§ **Task brief**
For the records below, report how many lines include the word "eunit". Only the number should appear.

§ **Input material**
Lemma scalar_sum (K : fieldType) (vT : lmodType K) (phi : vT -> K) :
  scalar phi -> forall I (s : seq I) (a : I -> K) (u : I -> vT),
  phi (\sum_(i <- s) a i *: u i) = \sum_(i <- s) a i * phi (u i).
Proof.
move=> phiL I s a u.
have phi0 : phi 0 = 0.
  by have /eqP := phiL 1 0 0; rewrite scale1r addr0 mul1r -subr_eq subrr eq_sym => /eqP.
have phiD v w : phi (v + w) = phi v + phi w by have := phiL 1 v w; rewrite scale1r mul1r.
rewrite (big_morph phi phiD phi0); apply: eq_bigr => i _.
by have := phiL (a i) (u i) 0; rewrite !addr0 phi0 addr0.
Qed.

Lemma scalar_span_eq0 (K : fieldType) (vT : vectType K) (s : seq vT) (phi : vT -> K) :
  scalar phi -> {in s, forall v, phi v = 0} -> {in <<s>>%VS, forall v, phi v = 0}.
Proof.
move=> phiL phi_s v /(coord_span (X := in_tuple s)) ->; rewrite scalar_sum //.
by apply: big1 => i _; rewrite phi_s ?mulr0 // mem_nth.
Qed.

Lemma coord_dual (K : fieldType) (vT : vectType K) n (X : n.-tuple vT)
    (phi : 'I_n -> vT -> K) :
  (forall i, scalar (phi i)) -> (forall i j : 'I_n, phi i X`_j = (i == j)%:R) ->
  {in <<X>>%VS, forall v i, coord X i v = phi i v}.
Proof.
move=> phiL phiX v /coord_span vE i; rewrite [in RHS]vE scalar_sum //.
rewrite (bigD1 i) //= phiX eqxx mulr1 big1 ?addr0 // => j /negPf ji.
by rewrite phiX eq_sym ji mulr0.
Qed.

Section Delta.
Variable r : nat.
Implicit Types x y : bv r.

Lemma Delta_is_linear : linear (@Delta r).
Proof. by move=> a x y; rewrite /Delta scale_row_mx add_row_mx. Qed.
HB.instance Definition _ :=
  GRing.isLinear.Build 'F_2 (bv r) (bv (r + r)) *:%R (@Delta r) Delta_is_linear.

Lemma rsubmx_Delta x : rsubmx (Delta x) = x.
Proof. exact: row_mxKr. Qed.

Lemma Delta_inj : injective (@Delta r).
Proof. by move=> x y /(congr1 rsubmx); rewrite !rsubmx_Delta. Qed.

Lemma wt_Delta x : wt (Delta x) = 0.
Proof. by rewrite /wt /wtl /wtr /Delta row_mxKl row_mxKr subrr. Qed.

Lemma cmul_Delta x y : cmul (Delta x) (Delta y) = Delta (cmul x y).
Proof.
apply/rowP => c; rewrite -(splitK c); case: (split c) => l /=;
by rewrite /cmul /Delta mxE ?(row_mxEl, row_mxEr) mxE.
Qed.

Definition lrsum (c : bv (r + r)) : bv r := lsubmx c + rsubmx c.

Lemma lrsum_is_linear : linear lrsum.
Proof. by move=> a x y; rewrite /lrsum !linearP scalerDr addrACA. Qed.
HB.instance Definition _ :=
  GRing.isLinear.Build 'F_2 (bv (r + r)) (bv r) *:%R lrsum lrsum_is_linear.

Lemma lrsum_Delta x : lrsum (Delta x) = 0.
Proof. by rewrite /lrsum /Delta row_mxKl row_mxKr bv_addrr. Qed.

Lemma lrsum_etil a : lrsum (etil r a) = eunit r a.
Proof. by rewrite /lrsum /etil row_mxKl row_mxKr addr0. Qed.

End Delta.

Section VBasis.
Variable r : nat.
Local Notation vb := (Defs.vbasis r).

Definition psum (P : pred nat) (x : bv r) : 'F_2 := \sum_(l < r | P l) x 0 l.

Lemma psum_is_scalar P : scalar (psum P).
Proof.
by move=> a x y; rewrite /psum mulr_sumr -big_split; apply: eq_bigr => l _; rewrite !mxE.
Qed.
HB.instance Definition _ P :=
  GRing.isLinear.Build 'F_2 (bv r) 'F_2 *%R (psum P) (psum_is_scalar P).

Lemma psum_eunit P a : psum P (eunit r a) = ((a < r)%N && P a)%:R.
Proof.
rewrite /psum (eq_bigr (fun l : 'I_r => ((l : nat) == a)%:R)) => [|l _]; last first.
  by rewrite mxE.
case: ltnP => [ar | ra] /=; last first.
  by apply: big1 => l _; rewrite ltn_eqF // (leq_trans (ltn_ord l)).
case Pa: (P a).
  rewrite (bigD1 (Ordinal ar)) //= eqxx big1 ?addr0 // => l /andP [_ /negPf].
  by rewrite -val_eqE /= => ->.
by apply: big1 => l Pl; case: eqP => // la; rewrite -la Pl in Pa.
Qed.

§ **Output for this task**
2